Accuracy mean and variance 0.3166666666666667 0.04833333333333333 

F1 macro mean and variance 0.21051082251082248 0.06681958014280094 



### 2. Applying cross validation to a pipeline
Since the train/test split is done internally in the cross validator we also need to pack all object that should be trained and evaluated with the same train/test split. Pipelines are essential tools for this purpose.


In [4]:
from sklearn.pipeline import Pipeline
from sklearn.neural_network import MLPClassifier
from sklearn.decomposition import PCA
from sklearn.preprocessing import StandardScaler

pipe = Pipeline([
        ('scaler', StandardScaler()),
        ('dim_red', PCA(n_components = 10)),
        ('classifier', MLPClassifier(hidden_layer_sizes=(20,5), max_iter=10000, activation='relu'))
        ])

#initializing and running the cross validator with classifier, features, labels, scores, and number of splits
#with cv=5 we partition iteratively the data into 5 splits of 20% and use 4 for trainign and 1 for testing.
#common value of cv (which is the k of k-fold) are 3 to 10, or the size of dataset per class
#(i.e. leaving only one sample out) when the dataset is homogeneous (same number of samples per class)
scores = sklearn.model_selection.cross_validate(pipe, features, labels, cv=5,scoring=('f1_macro', 'accuracy'),return_train_score=True)

print(scores,'\n')
print('Accuracy mean and variance', np.mean(scores['test_accuracy']),np.var(scores['test_accuracy']),'\n')
print('F1 macro mean and variance', np.mean(scores['test_f1_macro']),np.var(scores['test_f1_macro']),'\n')

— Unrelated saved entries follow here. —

(* For all pairwise distinct $j,l,k\in\{1,\dots,M\}$, almost surely $$\big|\mathbb E\{g_{lk}(\boldsymbol X)-g_l(\boldsymbol X)-g_k(\boldsymbol X)\mid\boldsymbol X_{\mathcal X(\{l,j\})}\}\big|\le\frac{8\delta_0\sqrt{\mathbb E[f(\boldsymbol X)^2]}}{p_{\min}}.$$
   Context: Setup. $\boldsymbol X=(X_1,\dots,X_p)^\top$ is a random vector in $\{0,1\}^p$; $\{1,\dots,p\}$ is partitioned into disjoint nonempty feature groups $\mathcal X(1),\dots,\mathcal X(M)$; a group is either a single feature or has $\#\mathcal X(m)>1$ and consists of one-hot indicators ($\sum_{j\in\mathcal X(m)}\mathbf 1\{X_j=1\}=1$ a.s.). $\mathcal X(J)=\bigcup_{m\in J}\mathcal X(m)$; $\boldsymbol X_H=(X_j)_{j\in H}$, $\boldsymbol X_{-H}=(X_j)_{j\notin H}$. Conditional expectations given null events are set to $0$. $p_{\min}=\min_{1\le l<k\le M,\,i\in\mathcal X(l),\,j\in\mathcal X(k),\,(a,b)\in\{0,1\}^2}\mathbb P(X_i=a,X_j=b)>0$; $\delta_0=\max_{1\le m\le M}\inf\{\delta\ge0:\mathbb P(\max_{i\in\mathcal X(m)}|\mathbb P(X_i=1\mid\boldsymbol X_{-\mathcal X(m)})-\mathbb P(X_i=1)|\le\delta)=1\}$. For $f:\{0,1\}^p\to\mathbb R$ and $J\subset\{1,\dots,M\}$, $g_J(\boldsymbol X)=\mathbb E(f(\boldsymbol X)-\mathbb E(f(\boldsymbol X)\mid\boldsymbol X_{-\mathcal X(J)})\mid\boldsymbol X_{\mathcal X(J)})$, with $g_m=g_{\{m\}}$ and $g_{lk}=g_{\{l,k\}}$. *)

From mathcomp Require Import all_boot all_order all_algebra.
From mathcomp Require Import classical_sets reals.
Set Implicit Arguments. Unset Strict Implicit. Unset Printing Implicit Defensive.
Import Order.TTheory GRing.Theory Num.Theory.
Local Open Scope ring_scope.

Section Defs.
Variables (R : realType) (p M : nat).

Definition outcome := {ffun 'I_p -> bool}.

Variable P : outcome -> R.

Definition prob (A : pred outcome) : R := \sum_(x | A x) P x.
Definition expect (f : outcome -> R) : R := \sum_x P x * f x.

Definition agree (H : {set 'I_p}) (x y : outcome) : bool :=
  [forall i in H, x i == y i].

(* E(f(X) | X_H) evaluated at X = x; 0 on null conditioning events *)
Definition condexp (f : outcome -> R) (H : {set 'I_p}) (x : outcome) : R :=
  let d := \sum_(y | agree H x y) P y in
  if d == 0 then 0 else (\sum_(y | agree H x y) P y * f y) / d.

Variable grp : 'I_p -> 'I_M.

Definition XJ (J : {set 'I_M}) : {set 'I_p} := [set i | grp i \in J].

Definition gJ (f : outcome -> R) (J : {set 'I_M}) (x : outcome) : R :=
  condexp (fun y => f y - condexp f (~: XJ J) y) (XJ J) x.

Definition pmin : R :=
  \big[Num.min/1]_(i : 'I_p) \big[Num.min/1]_(j : 'I_p | (grp i < grp j)%N)
    \big[Num.min/1]_(a : bool) \big[Num.min/1]_(b : bool)
      prob (fun x => (x i == a) && (x j == b)).
(* For any integers $M,s>0$ there exists $\varepsilon_1(M,s)>0$ such that for every $\varepsilon<\varepsilon_1(M,s)$ and every $L\le M$, there exist linear combinations of the first $L$ eigenfunctions of the Laplacian on $G(s,\varepsilon)$ having exactly $L-1+(L-1)(s-1)$ zeroes on the small edges.
   Context: $G(s,\varepsilon)$ is the star graph with one central vertex, one edge of length $1$ and $s$ edges (''small edges'') of length $\varepsilon$, each joining the central vertex to a degree-one vertex. The Laplacian $-\frac{d^2}{dx^2}$ acts edgewise with Dirichlet conditions at the degree-one vertices and Neumann–Kirchhoff conditions at the central vertex (continuity and vanishing sum of outgoing derivatives); eigenvalues are ordered increasingly with multiplicity and $f_1,f_2,\dots$ are corresponding $L^2$-orthogonal eigenfunctions. Zeroes at the degree-one vertices are not counted. *)

From Stdlib Require Import Reals Lra Lia List.
From Coquelicot Require Import Coquelicot.
Open Scope R_scope.

(* Every edge is parametrised by
   its distance x from the central vertex:
   - the long edge is [0,1], x = 0 the centre, x = 1 the degree-one vertex;
   - small edge j (j < s) is [0,eps], x = 0 the centre, x = eps the leaf. *)
Record gfun := mkGfun { ge : R -> R ; se : nat -> R -> R }.

Fixpoint sumR (n : nat) (f : nat -> R) : R :=
  match n with O => 0 | S m => sumR m f + f m end.

Definition edge_eq (l lam : R) (u : R -> R) : Prop :=
  exists u1 : R -> R, forall x, 0 <= x <= l ->
    is_derive u x (u1 x) /\ is_derive u1 x (- lam * u x).

Definition gnonzero (s : nat) (eps : R) (g : gfun) : Prop :=
  (exists x, 0 <= x <= 1 /\ ge g x <> 0) \/
  (exists j x, (j < s)%nat /\ 0 <= x <= eps /\ se g j x <> 0).

(* g is an eigenfunction with eigenvalue lam of the Laplacian on G(s,eps):
   Dirichlet at degree-one vertices, Neumann–Kirchhoff at the centre
   (continuity + vanishing sum of outgoing derivatives). *)
Definition is_eigen (s : nat) (eps lam : R) (g : gfun) : Prop :=
  edge_eq 1 lam (ge g) /\ ge g 1 = 0 /\
  (forall j, (j < s)%nat ->
     edge_eq eps lam (se g j) /\ se g j eps = 0 /\ se g j 0 = ge g 0) /\
  Derive (ge g) 0 + sumR s (fun j => Derive (se g j) 0) = 0 /\
  gnonzero s eps g.

Definition ginner (s : nat) (eps : R) (f g : gfun) : R :=
  RInt (fun x => ge f x * ge g x) 0 1 +
  sumR s (fun j => RInt (fun x => se f j x * se g j x) 0 eps).

Definition geq (s : nat) (eps : R) (f g : gfun) : Prop :=
  (forall x, 0 <= x <= 1 -> ge f x = ge g x) /\
  (forall j x, (j < s)%nat -> 0 <= x <= eps -> se f j x = se g j x).

Definition lincomb (a : nat -> R) (n : nat) (f : nat -> gfun) : gfun :=
  mkGfun (fun x => sumR n (fun k => a k * ge (f k) x))
         (fun j x => sumR n (fun k => a k * se (f k) j x)).

(* (lam k, f k), k = 0,1,2,... (f 0 is "f_1") is the full sequence of
   eigenvalues, in nondecreasing order and repeated with multiplicity,
   with pairwise L^2-orthogonal eigenfunctions: every eigenfunction with
   eigenvalue mu is a finite combination of the f k with lam k = mu. *)
Definition spectral_seq (s : nat) (eps : R) (lam : nat -> R) (f : nat -> gfun)
  : Prop :=
  (forall k, is_eigen s eps (lam k) (f k)) /\
  (forall k, lam k <= lam (S k)) /\
  (forall k m, k <> m -> ginner s eps (f k) (f m) = 0) /\
  (forall mu g, is_eigen s eps mu g ->
     exists (n : nat) (a : nat -> R),
       (forall k, (k < n)%nat -> a k <> 0 -> lam k = mu) /\
       geq s eps g (lincomb a n f)).

(* g has exactly N zeroes on the small edges: zeroes at the leaves are not
   counted; interior zeroes of each small edge are counted, and the central
   vertex (a single point of the metric graph) counts once if g vanishes
   there.  In particular the zero set must be finite. *)
Definition small_zero_count (s : nat) (eps : R) (g : gfun) (N : nat) : Prop :=
  exists lst : list (nat * R),
    NoDup lst /\
    (forall p, In p lst <->
       ((fst p < s)%nat /\ 0 < snd p < eps /\ se g (fst p) (snd p) = 0)) /\
    ((ge g 0 <> 0 /\ length lst = N) \/ (ge g 0 = 0 /\ S (length lst) = N)).

From Stdlib Require Import Reals Lra Lia List FinFun Classical_Prop.
From Coquelicot Require Import Coquelicot.
Open Scope R_scope.

(* An eigenfunction with eigenvalue k^2 is, on each edge, a multiple of sin (k (l - x)).
   When k eps < PI continuity at the centre makes the multiple the same on all small edges
   and nonzero, so these eigenvalues are simple and their eigenfunctions are fixed by the
   central value. The secular equation sin (k eps) cos k + s sin k cos (k eps) = 0 has a root
   in (n PI - PI/2, n PI) for each n, hence for eps < 1/(2M+2) the first M eigenvalues have
   distinct frequencies k_i with k_i eps < PI/2. A combination of the first L eigenfunctions
   is then h (eps - x) on every small edge, with h y = sum_{i<L} c_i sin (k_i y) arbitrary.
   Linear algebra imposes L-1 chosen zeros on h in (0, eps), and a Rolle argument (divide by
   sin (k_{L-1} y), differentiate twice, induct on L) shows a nontrivial such h has at most
   L-1 zeros in (0, eps]. So h vanishes exactly at the chosen points and not at eps: each of
   the s small edges carries L-1 zeros and the centre none. *)

Lemma sumR_ext n f g : (forall i, (i < n)%nat -> f i = g i) -> sumR n f = sumR n g.
Proof.
  induction n as [|n IH]; simpl; intros H; [reflexivity|].
  rewrite IH by (intros; apply H; lia). rewrite H by lia. reflexivity.
Qed.

Lemma sumR_S n f : sumR (S n) f = sumR n f + f n.
Proof. reflexivity. Qed.

Lemma sumR_plus n f g : sumR n (fun i => f i + g i) = sumR n f + sumR n g.
Proof. induction n as [|n IH]; simpl; [ring | rewrite IH; ring]. Qed.

Lemma sumR_scal n c f : sumR n (fun i => c * f i) = c * sumR n f.
Proof. induction n as [|n IH]; simpl; [ring | rewrite IH; ring]. Qed.

Lemma sumR_const n c : sumR n (fun _ => c) = INR n * c.
Proof. induction n as [|n IH]; simpl sumR; [simpl; ring | rewrite IH, S_INR; ring]. Qed.

Lemma sumR_eq0 n f : (forall i, (i < n)%nat -> f i = 0) -> sumR n f = 0.
Proof. intros H. rewrite (sumR_ext n f (fun _ => 0)), sumR_const by auto. ring. Qed.

Lemma sumR_neq0 n f : sumR n f <> 0 -> exists i, (i < n)%nat /\ f i <> 0.
Proof.
  induction n as [|n IH]; simpl; intros H; [lra|].
  destruct (Req_dec (f n) 0) as [E|E].
  - destruct IH as [i [Hi Hfi]]; [lra|]. exists i; split; [lia | exact Hfi].
  - exists n; split; [lia | exact E].
Qed.

Lemma finite_choice {A : Type} (a0 : A) (P : nat -> A -> Prop) n :
  (forall i, (i < n)%nat -> exists x, P i x) ->
  exists f : nat -> A, forall i, (i < n)%nat -> P i (f i).
Proof.
  induction n as [|n IH]; intros H.
  - exists (fun _ => a0). intros; lia.
  - destruct IH as [f Hf]; [intros; apply H; lia|].
    destruct (H n ltac:(lia)) as [x Hx].
    exists (fun i => if Nat.eq_dec i n then x else f i).
    intros i Hi. destruct (Nat.eq_dec i n) as [->|]; [exact Hx | apply Hf; lia].
Qed.

Lemma is_derive_eq (f : R -> R) (x l l' : R) : is_derive f x l -> l = l' -> is_derive f x l'.
Proof. intros H <-; exact H. Qed.

Lemma is_derive_Rplus (f g : R -> R) x df dg :
  is_derive f x df -> is_derive g x dg -> is_derive (fun y => f y + g y) x (df + dg).
Proof. intros Hf Hg. apply (is_derive_plus f g x df dg Hf Hg). Qed.

Lemma is_derive_Rminus (f g : R -> R) x df dg :
  is_derive f x df -> is_derive g x dg -> is_derive (fun y => f y - g y) x (df - dg).
Proof. intros Hf Hg. apply (is_derive_minus f g x df dg Hf Hg). Qed.

Lemma is_derive_Rmult (f g : R -> R) x df dg :
  is_derive f x df -> is_derive g x dg ->
  is_derive (fun y => f y * g y) x (df * g x + f x * dg).
Proof. intros Hf Hg. apply (is_derive_mult f g x df dg Hf Hg), Rmult_comm. Qed.

Lemma is_derive_sumR n (f : nat -> R -> R) (df : nat -> R) x :
  (forall i, (i < n)%nat -> is_derive (f i) x (df i)) ->
  is_derive (fun y => sumR n (fun i => f i y)) x (sumR n df).
Proof.
  induction n as [|n IH]; simpl; intros H.
  - apply (is_derive_const (K := R_AbsRing) 0).
  - apply is_derive_Rplus; [apply IH; intros; apply H; lia | apply H; lia].
Qed.

Lemma is_derive_continuity_pt (f : R -> R) x l : is_derive f x l -> continuity_pt f x.
Proof.
  intros H. apply continuity_pt_filterlim, (ex_derive_continuous (V := R_NormedModule)).
  exists l; exact H.
Qed.

Lemma rolle_is_derive (f df : R -> R) a b :
  a < b -> (forall x, a <= x <= b -> is_derive f x (df x)) -> f a = f b ->
  exists c, a < c < b /\ df c = 0.
Proof.
  intros Hab Hd Heq.
  assert (pr : forall x, a < x < b -> derivable_pt f x).
  { intros x Hx. exists (df x). apply is_derive_Reals, Hd. lra. }
  destruct (Rolle f a b pr) as [c [Hc Hc0]]; auto.
  - intros x Hx. eapply is_derive_continuity_pt, Hd, Hx.
  - exists c. split; [exact Hc|]. rewrite <- Hc0. symmetry.
    apply derive_pt_eq_0, is_derive_Reals, Hd. lra.
Qed.

(** * The edge equation *)

Definition solves_on (l lam : R) (u u1 : R -> R) : Prop :=
  forall x, 0 <= x <= l -> is_derive u x (u1 x) /\ is_derive u1 x (- lam * u x).

Lemma mul_le_abs_sqr_add t a b : 0 <= 2 * t * a * b + Rabs t * (a * a + b * b).
Proof.
  destruct (Rle_dec 0 t).
  - rewrite Rabs_pos_eq by lra.
    replace (_ + _) with (t * ((a + b) * (a + b))) by ring.
    apply Rmult_le_pos; [lra | apply Rle_0_sqr].
  - rewrite Rabs_left by lra.
    replace (_ + _) with (- t * ((a - b) * (a - b))) by ring.
    apply Rmult_le_pos; [lra | apply Rle_0_sqr].
Qed.

(* The energy (u^2 + u1^2) e^{|1 - lam| x} is nondecreasing and vanishes at l. *)
Lemma solves_on_zero_end l lam u u1 :
  0 <= l -> solves_on l lam u u1 -> u l = 0 -> u1 l = 0 ->
  forall x, 0 <= x <= l -> u x = 0 /\ u1 x = 0.
Proof.
  intros Hl Hd Hul Hu1l x Hx.
  set (c := Rabs (1 - lam)).
  set (E := fun y => (u y * u y + u1 y * u1 y) * exp (c * y)).
  set (dE := fun y => (2 * (1 - lam) * u y * u1 y + c * (u y * u y + u1 y * u1 y))
                      * exp (c * y)).
  assert (HE : forall y, 0 <= y <= l -> is_derive E y (dE y)).
  { intros y Hy. destruct (Hd y Hy) as [D1 D2]. unfold E, dE.
    eapply is_derive_eq.
    - apply (is_derive_Rmult (fun y => u y * u y + u1 y * u1 y) (fun y => exp (c * y))).
      + apply is_derive_Rplus; apply is_derive_Rmult; eauto.
      + auto_derive; [exact I | reflexivity].
    - ring. }
  assert (HdE : forall y, 0 <= dE y).
  { intros y. apply Rmult_le_pos; [apply mul_le_abs_sqr_add | apply Rlt_le, exp_pos]. }
  assert (HEl : E l = 0) by (unfold E; rewrite Hul, Hu1l; ring).
  assert (HEx : E x <= 0).
  { destruct (Req_dec x l) as [->|Hne]; [lra|].
    destruct (MVT_gen E x l dE) as [xi [Hxi Heq]].
    - intros y Hy. rewrite Rmin_left, Rmax_right in Hy by lra. apply HE; lra.
    - intros y Hy. rewrite Rmin_left, Rmax_right in Hy by lra.
      eapply is_derive_continuity_pt, HE; lra.
    - pose proof (HdE xi). nra. }
  unfold E in HEx. pose proof (exp_pos (c * x)).
  assert (u x * u x + u1 x * u1 x <= 0) by nra.
  split; nra.
Qed.

Definition dirichlet_solution (lam l : R) (v v1 : R -> R) : Prop :=
  (forall x, is_derive v x (v1 x) /\ is_derive v1 x (- lam * v x)) /\ v l = 0 /\ v1 l <> 0.

Lemma edge_eq_dirichlet_multiple l lam u v v1 :
  0 <= l -> edge_eq l lam u -> u l = 0 -> dirichlet_solution lam l v v1 ->
  exists c, (forall x, 0 <= x <= l -> u x = c * v x) /\ Derive u 0 = c * v1 0.
Proof.
  intros Hl [u1 Hu] Hul [Hv [Hvl Hv1]].
  set (c := u1 l / v1 l).
  assert (Hdiff : forall x, 0 <= x <= l -> u x - c * v x = 0 /\ u1 x - c * v1 x = 0).
  { apply (solves_on_zero_end l lam _ _ Hl).
    - intros y Hy. destruct (Hu y Hy) as [U1 U2]. destruct (Hv y) as [V1 V2]. split.
      + apply is_derive_Rminus; [exact U1 | apply is_derive_scal, V1].
      + replace (- lam * (u y - c * v y)) with (- lam * u y - c * (- lam * v y)) by ring.
        apply is_derive_Rminus; [exact U2 | apply is_derive_scal, V2].
    - rewrite Hul, Hvl. ring.
    - unfold c. field. exact Hv1. }
  exists c. split.
  - intros x Hx. destruct (Hdiff x Hx). lra.
  - destruct (Hu 0 ltac:(lra)) as [D _]. rewrite (is_derive_unique _ _ _ D).
    destruct (Hdiff 0 ltac:(lra)). lra.
Qed.

(** * Eigenfunctions of G(s, eps) *)

Lemma is_eigen_dirichlet_multiple s eps lam g V V1 W W1 :
  0 < eps -> is_eigen s eps lam g ->
  dirichlet_solution lam 1 V V1 -> dirichlet_solution lam eps W W1 ->
  exists d (c : nat -> R),
    (forall x, 0 <= x <= 1 -> ge g x = d * V x) /\ Derive (ge g) 0 = d * V1 0 /\
    (forall j, (j < s)%nat ->
       (forall x, 0 <= x <= eps -> se g j x = c j * W x) /\ Derive (se g j) 0 = c j * W1 0).
Proof.
  intros He [Hlong [Hlong1 [Hsmall _]]] HV HW.
  destruct (edge_eq_dirichlet_multiple 1 lam (ge g) V V1) as [d Hd]; auto; [lra|].
  destruct (finite_choice 0 (fun j c => (forall x, 0 <= x <= eps -> se g j x = c * W x) /\
                                       Derive (se g j) 0 = c * W1 0) s) as [c Hc].
  { intros j Hj. destruct (Hsmall j Hj) as [Hj1 [Hj2 _]].
    apply (edge_eq_dirichlet_multiple eps lam); auto; lra. }
  exists d, c. tauto.
Qed.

{'fit_time': array([0.43313169, 0.51307011, 0.32755208, 0.6560142 , 0.55106425]), 'score_time': array([0.00180602, 0.00203609, 0.00141191, 0.00187683, 0.00184488]), 'test_f1_macro': array([0.58095238, 0.74      , 0.58666667, 0.76      , 0.70952381]), 'train_f1_macro': array([1.        , 0.97894737, 1.        , 1.        , 1.        ]), 'test_accuracy': array([0.66666667, 0.75      , 0.66666667, 0.75      , 0.75      ]), 'train_accuracy': array([1.        , 0.97916667, 1.        , 1.        , 1.        ])} 

Accuracy mean and variance 0.7166666666666666 0.0016666666666666683 

F1 macro mean and variance 0.6754285714285715 0.005857741496598638 



### 3. Follow up activity

Apply the cross validation on the pipeline you developed for the previous notebook (i.e. Workshop 6d). Try different fold values (cv) and use different scoring metrics.